Todas estas tendências tenderão a agravar--se nos próximos anos e décadas se não houver mudanças no modelo económico e financeiro prevalecente à escala global que permitam desenvolver a sustentabilidade social, económica e ambiental. O atual modelo está cada vez mais desajustado a um planeta dominado pelo homem, que não tem limites para a sua ambição de prosperidade económica e de consumo de bens e serviços, a sua ganância e o seu egoísmo, e cuja população humana global continua a crescer vigorosamente. De acordo com Joseph E. Stiglitz, é necessário desenvolver um novo contrato social entre os eleitores e os governantes eleitos, entre os trabalhadores e as empresas, especialmente as grandes multinacionais que monopolizam largos setores da atividade económica, e, finalmente, entre os pobres e os ricos.

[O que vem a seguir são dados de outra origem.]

(* Let $0<\varepsilon\le\frac1{12}$ and let $(x,y,z,C)\in\tilde Q(r)$ with $r\ge5$, and let $d(j_1,j_2):=1-y_{j_1,j_2}$. For $j\in J$ define $t^*_j:=\min\{t'\in[T]:\sum_{i\in[m]}\sum_{t=1}^{t'}z_{j,i,t}\ge1-\varepsilon\}$. Let $U\subseteq J$ with $\max_{u,v\in U}d(u,v)\le\varepsilon$, enumerate $U=\{j_1,\dots,j_{|U|}\}$ so that $t^*_{j_1}\le\dots\le t^*_{j_{|U|}}$ (ties broken arbitrarily), and process these jobs consecutively on one machine in this order in slots $1,2,\dots,|U|$, so that $j_k$ has completion time $C^A_{j_k}=k$. Then $C^A_j\le 2t^*_j$ for every $j\in U$.
   Context: Fix a finite set $J$ of unit-length jobs, a partial order $\prec$ on $J$, and $c,S,m\in\mathbb N$; let $T:=Sc$, $[T]=\{1,\dots,T\}$, and for $s\in\{0,\dots,S-1\}$ let $I_s:=\{cs+1,\dots,c(s+1)\}$. Sherali–Adams lift: for a polytope $K=\{x\in\mathbb R^{V}:Ax\ge b\}$ on a finite index set $V$ and $r\ge0$, $SA_r(K)$ is the set of vectors $y$ indexed by subsets of $V$ of size at most $r+1$ with $y_\emptyset=1$ and, for every row $\ell$ and all $I,J'\subseteq V$ with $|I|+|J'|\le r$, $\sum_{H\subseteq J'}(-1)^{|H|}\big(\sum_{v\in V}A_{\ell,v}y_{I\cup H\cup\{v\}}-b_\ell y_{I\cup H}\big)\ge0$. Let $\tilde K$ be the polytope in variables $z_{j,i,t}$ ($j\in J,i\in[m],t\in[T]$) and $x_{j,i,s}$ ($j\in J,i\in[m],s\in\{0,\dots,S-1\}$) defined by: $\sum_{i\in[m]}\sum_{t\in[T]}z_{j,i,t}=1$ for all $j$; $\sum_{j\in J}z_{j,i,t}\le1$ for all $i,t$; $\sum_{t'<t}\sum_{i}z_{j_1,i,t'}\ge\sum_{t'\le t}\sum_i z_{j_2,i,t'}$ for all $j_1\prec j_2$ and $t\in[T]$; $\sum_{t\in I_s}z_{j,i,t}=x_{j,i,s}$ for all $j,i,s$; $0\le z_{j,i,t}\le1$. For a vector in $SA_r(\tilde K)$ write $x_{j,i,s}$, $z_{j,i,t}$ for its singleton entries and $x_{(j_1,i_1,s_1),(j_2,i_2,s_2)}$ for the entry indexed by the set of the two $x$-variables. $\tilde Q(r)$ is the set of $(x,y,z,C)$ with $(x,z)\in SA_r(\tilde K)$, $y_{j_1,j_2}=\sum_{s=0}^{S-1}\sum_{i\in[m]}x_{(j_1,i,s),(j_2,i,s)}$ for all $j_1,j_2$, $C_{j_2}\ge C_{j_1}+(1-y_{j_1,j_2})\cdot c$ for all $j_1\prec j_2$, and $C_j=\sum_{i\in[m]}\sum_{t\in[T]}z_{j,i,t}\cdot t$ for all $j$. *)

From mathcomp Require Import all_boot all_order all_algebra.
Set Implicit Arguments. Unset Strict Implicit. Unset Printing Implicit Defensive.
Import Order.TTheory GRing.Theory Num.Theory.
Local Open Scope ring_scope.

(* A vector of SA_r(K) is indexed by subsets of V of size <= r+1; we model it
   as a function on all subsets {set V}; only entries on sets of size <= r+1
   are ever used. *)
Definition SA (R : realFieldType) (V : finType) (L : Type)
  (A : L -> V -> R) (b : L -> R) (r : nat) (y : {set V} -> R) : Prop :=
  y set0 = 1 /\
  forall (l : L) (I J' : {set V}), (#|I| + #|J'| <= r)%N ->
    0 <= \sum_(H : {set V} | H \subset J')
           (-1) ^+ #|H| *
           (\sum_(v : V) A l v * y (I :|: H :|: [set v]) - b l * y (I :|: H)).

(* ---------- The polytope K~ ----------
   Time slot t in [T] = {1..T} is encoded by the ordinal t' : 'I_T with t = t'+1.
   Machine i in [m] is 'I_m, block s in {0..S-1} is 'I_S. *)
Definition Tn (c S : nat) : nat := (S * c)%N.

Definition var (J : finType) (m c S : nat) : finType :=
  ((J * 'I_m * 'I_(Tn c S)) + (J * 'I_m * 'I_S))%type.

Definition zv (J : finType) (m c S : nat) (j : J) (i : 'I_m) (t : 'I_(Tn c S))
  : var J m c S := inl (j, i, t).
Definition xv (J : finType) (m c S : nat) (j : J) (i : 'I_m) (s : 'I_S)
  : var J m c S := inr (j, i, s).

(* rows of the system A x >= b describing K~ (equalities = two inequalities) *)
Inductive Krow (J : finType) (m T S : nat) : Type :=
| RAsgLo of J                      (*  sum_{i,t} z_{j,i,t} >= 1 *)
| RAsgUp of J                      (* -sum_{i,t} z_{j,i,t} >= -1 *)
| RCap of 'I_m & 'I_T              (* -sum_j z_{j,i,t} >= -1 *)
| RPrec of J & J & 'I_T
| RSlotLo of J & 'I_m & 'I_S       (*  sum_{t in I_s} z_{j,i,t} - x_{j,i,s} >= 0 *)
| RSlotUp of J & 'I_m & 'I_S       (* -sum_{t in I_s} z_{j,i,t} + x_{j,i,s} >= 0 *)
| RNonneg of J & 'I_m & 'I_T       (*  z_{j,i,t} >= 0 *)
| RLeOne of J & 'I_m & 'I_T.       (* -z_{j,i,t} >= -1 *)

Definition KA (R : realFieldType) (J : finType) (prec : rel J) (c S m : nat)
  (l : Krow J m (Tn c S) S) (v : var J m c S) : R :=
  match l, v with
  | RAsgLo j, inl (j', _, _) => (j' == j)%:R
  | RAsgUp j, inl (j', _, _) => - (j' == j)%:R
  | RCap i t, inl (_, i', t') => - ((i' == i) && (t' == t))%:R
  | RPrec j1 j2 t, inl (j, _, t') =>
      if prec j1 j2 then
        ((j == j1) && (t' < t)%N)%:R - ((j == j2) && (t' <= t)%N)%:R
      else 0
  | RSlotLo j i s, inl (j', i', t') =>
      [&& j' == j, i' == i & (c * s <= t' < c * s + c)%N]%:R
  | RSlotLo j i s, inr (j', i', s') => - [&& j' == j, i' == i & s' == s]%:R
  | RSlotUp j i s, inl (j', i', t') =>
      - [&& j' == j, i' == i & (c * s <= t' < c * s + c)%N]%:R
  | RSlotUp j i s, inr (j', i', s') => [&& j' == j, i' == i & s' == s]%:R
  | RNonneg j i t, inl (j', i', t') => [&& j' == j, i' == i & t' == t]%:R
  | RLeOne j i t, inl (j', i', t') => - [&& j' == j, i' == i & t' == t]%:R
  | _, _ => 0
  end.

Porém, a solução mais consensual nos meios políticos, económicos e financeiros, e na qual se concentram quase todas as esperanças, é o progresso tecnológico, concretamente a Quarta Revolução Industrial, que inclui a nanotecnologia, engenharia genética, biologia sintética, geoengenharia do clima e, sobretudo, o de-senvolvimento e a aplicação da robótica e da inteligência artificial em todas as áreas da atividade humana, desde os transportes à medicina, ao comércio e indústria, à gestão das cidades, aos serviços de justiça, à segurança e à guerra. A insistência apenas neste tipo de solução, que acaricia o ego e desenvolve a húbris humana, tem o perigo de gerar uma classe de humanos “sem utilidade”, como lhe chama Yuval Harari, e que George Wells, já em 1901, no seu ensaio An Experiment in Prophecy, designava por “pessoas do abismo”. Outra forma de encarar o problema é reconhecer, tal como o filósofo alemão Markus Gabriel, que os cidadãos enfrentam o perigo de se transformar em meros “proletários digitais”, ao serviço das empresas tecnológicas multinacionais gigantes, em detrimento da valorização e defesa dos valores humanos universais.

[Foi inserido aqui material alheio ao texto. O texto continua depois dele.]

Lemma adjoint_graph_shiftP s w : adjoint_graph ip D S w (emb s *: w) <->
  forall x, D x -> rdot w (S x - emb s *: x) = 0.
Proof.
rewrite adjoint_graphP; split=> orth x /orth;
  by rewrite rdotBr !rdotZr (rdotC w (S x)) (rdotC w x); lra.
Qed.

Lemma shift_orthogonal_eq0 s w : shift_onto D S (emb s) ->
  (forall x, D x -> rdot w (S x - emb s *: x) = 0) -> w = 0.
Proof.
move=> onto orth; have [x Dx Ex] := onto w; apply: rnorm_eq0.
by have /eqP := orth x Dx; rewrite Ex rdotxx sqrf_eq0 => /eqP.
Qed.

Lemma adjoint_graph_lim y z y0 z0 : (forall n, adjoint_graph ip D S (y n) (z n)) ->
  rcvg y y0 -> rcvg z z0 -> adjoint_graph ip D S y0 z0.
Proof.
move=> adj y_y0 z_z0; apply/adjoint_graphP => x Dx; rewrite (rdotC (S x)) (rdotC x).
apply/eqP; rewrite -subr_eq0 -normr_le0; apply/ler_addgt0Pr => e e0; rewrite add0r.
have e2 := divr_gt0 e0 (ltr0Sn _ 1).
have [N1 yN] := rdot_rcvg (S x) y_y0 e2; have [N2 zN] := rdot_rcvg x z_z0 e2.
pose n := maxn N1 N2; have := yN n (leq_maxl _ _); have := zN n (leq_maxr _ _).
have /adjoint_graphP/(_ x Dx) := adj n; rewrite (rdotC (S x)) (rdotC x) => yz.
have := ler_normB (rdot y0 (S x) - rdot (y n) (S x)) (rdot z0 x - rdot (z n) x).
by rewrite yz opprB addrA subrK; lra.
Qed.

Definition rskew := forall x y, D x -> D y -> rdot (S x) y + rdot x (S y) = 0.

Lemma rskew_diag x : rskew -> D x -> rdot x (S x) = 0.
Proof. by move=> skew Dx; have := skew x x Dx Dx; rewrite (rdotC (S x)); lra. Qed.

Lemma adjoint_graph_opp y : rskew -> D y -> adjoint_graph ip D S y (- S y).
Proof.
by move=> skew Dy; apply/adjoint_graphP => x Dx; rewrite rdotNr; have := skew x y Dx Dy; lra.
Qed.

Lemma pnorm2E u : pnorm2 u = emb (rnorm u.1 ^+ 2 + rnorm u.2 ^+ 2).
Proof. by rewrite /pnorm2 !normrE rmorphD !rmorphXn. Qed.

Lemma normr_emb_sqr t : `|emb t| ^+ 2 = emb (t ^+ 2).
Proof. by rewrite normr_emb -rmorphXn real_normK ?num_real. Qed.

Lemma pnorm2_Mshift t h k : pnorm2 (Mshift S (emb t) (h, k)) =
  emb (rnorm (S k) ^+ 2 + rnorm (S h) ^+ 2 + t ^+ 2 * (rnorm h ^+ 2 + rnorm k ^+ 2)
       - 2 * t * (rdot (S k) h + rdot (S h) k)).
Proof. by rewrite pnorm2E /= !rnorm_subZ_sqr; apply: f_equal; ring. Qed.

Lemma block_lower_bound_of_rskew t : rskew -> block_lower_bound D S (emb t).
Proof.
move=> skew [h k] [/= Dh Dk].
rewrite normr_emb_sqr pnorm2_Mshift pnorm2E -rmorphM ler_emb /=.
rewrite (rdotC (S k)) [rdot h (S k) + _]addrC skew // mulr0 subr0.
by have := sqr_ge0 (rnorm (S k)); have := sqr_ge0 (rnorm (S h)); lra.
Qed.

Lemma rskew_of_block_lower_bound :
  (forall t, t != 0 -> block_lower_bound D S (emb t)) -> rskew.
Proof.
move=> bound x y Dx Dy.
suff /bounded_linear_eq0 : forall t, t != 0 ->
    t * (2 * (rdot (S x) y + rdot x (S y))) <= rnorm (S x) ^+ 2 + rnorm (S y) ^+ 2.
  by lra.
move=> t t0; have := bound t t0 (y, x) (conj Dy Dx).
by rewrite normr_emb_sqr pnorm2_Mshift pnorm2E -rmorphM ler_emb /= (rdotC (S y)); lra.
Qed.

Definition adjoint_opp := forall y z, adjoint_graph ip D S y z <-> D y /\ z = - S y.

Lemma rskew_of_adjoint_opp : adjoint_opp -> rskew.
Proof.
move=> adj x y Dx Dy.
have /adjoint_graphP/(_ y Dy) : adjoint_graph ip D S x (- S x) by apply/adj.
by rewrite rdotNr (rdotC (S y) x) (rdotC y (S x)); lra.
Qed.

Lemma rskew_lower_bound s x : rskew -> D x -> `|s| * rnorm x <= rnorm (S x - emb s *: x).
Proof.
move=> skew Dx; rewrite -ler_sqr ?nnegrE ?mulr_ge0 ?rnorm_ge0 //.
rewrite rnorm_subZ_sqr (rdotC (S x)) rskew_diag // exprMn real_normK ?num_real //.
by have := sqr_ge0 (rnorm (S x)); lra.
Qed.

(* S = - S^* is closed and S - s is bounded below. *)
Lemma shift_range_closed s a p : adjoint_opp -> s != 0 -> (forall n, D (a n)) ->
  rcvg (fun n => S (a n) - emb s *: a n) p -> exists2 a0, D a0 & S a0 - emb s *: a0 = p.
Proof.
move=> adj s0 Da Sa_p; have s_gt0 : 0 < `|s| by rewrite normr_gt0.
have a_cauchy : rcauchy a.
  move=> e e0; have [N SaN] := rcvg_cauchy Sa_p (mulr_gt0 e0 s_gt0).
  exists N => n m Nn Nm; have := SaN n m Nn Nm; rewrite -(linop_shiftB S_linear) //.
  have := rskew_lower_bound s (rskew_of_adjoint_opp adj) (linopB S_linear (Da n) (Da m)).1.
  by move=> lb lt; rewrite -(ltr_pM2l s_gt0); lra.
have [a0 a_a0] := rcauchy_rcvg a_cauchy.
have Sa_lim : rcvg (fun n => - S (a n)) (- (p + emb s *: a0)).
  apply: rcvgN; have := rcvgD Sa_p (rcvgZ s a_a0).
  by rewrite (_ : (fun n => _) = fun n => S (a n)) //; apply: funext => n; exact: subrK.
have /adj [Da0 Sa0] := adjoint_graph_lim (fun n => (adj _ _).2 (conj (Da n) erefl)) a_a0 Sa_lim.
by exists a0 => //; rewrite -[S a0]opprK -Sa0 opprK addrK.
Qed.

Lemma shift_range_orthogonal_eq0 s w : adjoint_opp -> s != 0 ->
  (forall x, D x -> rdot w (S x - emb s *: x) = 0) -> w = 0.
Proof.
move=> adj s0 /adjoint_graph_shiftP /adj [Dw Sw]; apply: rnorm_eq0.
have := rskew_diag (rskew_of_adjoint_opp adj) Dw.
rewrite -[S w]opprK -Sw rdotNr rdotZr rdotxx.
by move/eqP; rewrite oppr_eq0 mulf_eq0 (negbTE s0) sqrf_eq0 => /eqP.
Qed.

Com a fé ilimitada no poder da ciência e da tecnologia, os problemas da sustentabilidade passam a interpelar muito menos a geração social contemporânea e, especialmente, o seu comportamento. Neste discurso, a tecnologia irá certamente resolver todos os problemas que irão colocar-se às gerações futuras. Será assim? Ou será que a insustentabilidade do sistema atual irá gerar um futuro muito incerto e perigoso? O grupo social dos 1% que detêm uma parte crescente do poder e da riqueza mundial certamente que saberá e terá os meios necessários para evitar as adversidades desse futuro.

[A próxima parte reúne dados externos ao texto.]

(* Both [-(lam s)] and [-(lam w0)] are dominant, as every node is a descent of
   the longest element, and they differ by the action of [rev s ++ w0]. *)
Lemma play_longest_terminal lam w0 s : dominant lam ->
  (forall u, coxlen M u <= coxlen M w0) -> terminal (play M lam s) ->
  play M lam w0 = play M lam s.
Proof.
move=> lam_dom w0_max s_term; set z := play M lam s.
have mz_dom : dominant (fun k => - z k)%R by move=> k; have := s_term k; rewrite -/z; lra.
have mw0_dom : dominant (fun k => - play M lam w0 k)%R.
  move=> k; have := play_descent_le0 (i := k) lam_dom (u := w0).
  by rewrite /ascent -leqNgt w0_max => /(_ isT); lra.
have := dominant_play_fixed (t := rev s ++ w0) mz_dom.
rewrite play_opp play_cat /z (play_revK (egcm_diag HM)) => /(_ mw0_dom) fixed.
by apply: functional_extensionality => k; have := f_equal (fun g => g k) fixed => /=; lra.
Qed.

End Stabilizers.

Theorem proposition5p3 (n : nat) (M : 'I_n -> 'I_n -> R) (J : {set 'I_n})
    (w0 w0J : seq 'I_n) (lam : 'I_n -> R) :
  EGCM M ->
  cox_finite M ->
  longest_in M (fun _ => True) w0 ->
  longest_in M (fun u => all (mem J) u) w0J ->
  in_C J lam ->
  (forall s, finite_game_seq M lam s -> size s = (coxlen M w0 - coxlen M w0J)%N) /\
  (forall f, ~ infinite_game_seq M lam f).
Proof.
move=> HM _ [_ w0_max] [w0J_J w0J_max] HC.
have lam_dom := in_C_dominant HC; have w0J_0 := in_C_zero HC w0J_J.
split=> [s [s_legal s_term] | f f_inf].
  have fixed : play M lam (w0 ++ rev s) = lam.
    rewrite play_cat (play_longest_terminal HM lam_dom (fun u => w0_max u I) s_term).
    exact: (play_revK (egcm_diag HM)).
  have [v vJ w0s_v] := stabilizer_parabolic HM HC fixed.
  have w0_vs := coxeq_catr_rev w0s_v.
  have := coxlen_cat_legal HM lam_dom w0J_0 s_legal; have := w0_max (w0J ++ s) I.
  have := w0J_max v vJ; have := coxlen_cat M v s; have := coxlen_size M s.
  have := coxlen_coxeq w0_vs; lia.
have legal_prefix k : legal M lam (mkseq f k).
  by elim: k => // k IH; rewrite mkseqS -cats1 legal_rcons.
have := coxlen_cat_legal HM lam_dom w0J_0 (legal_prefix (coxlen M w0).+1).
by have := w0_max (w0J ++ mkseq f (coxlen M w0).+1) I; rewrite size_mkseq; lia.
Qed.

Porém, a maior parte da população dos países mais vulneráveis e frágeis e uma grande parte da população economicamente desfavorecida dos outros, em particular “a classe dos sem uso”, irá sofrer. A sua prosperidade económica e o seu bem-estar irão diminuir de forma acentuada. Se se aceitar a imprescindibilidade de uma transição para a sustentabilidade a nível da exploração dos recursos naturais, da conservação do ambiente, das alterações climáticas e do comportamento individual e coletivo, teremos necessariamente de inverter a tendência para o aumento das desigualdades através de pactos sociais baseados na ética e na solidariedade intra e intergeracional.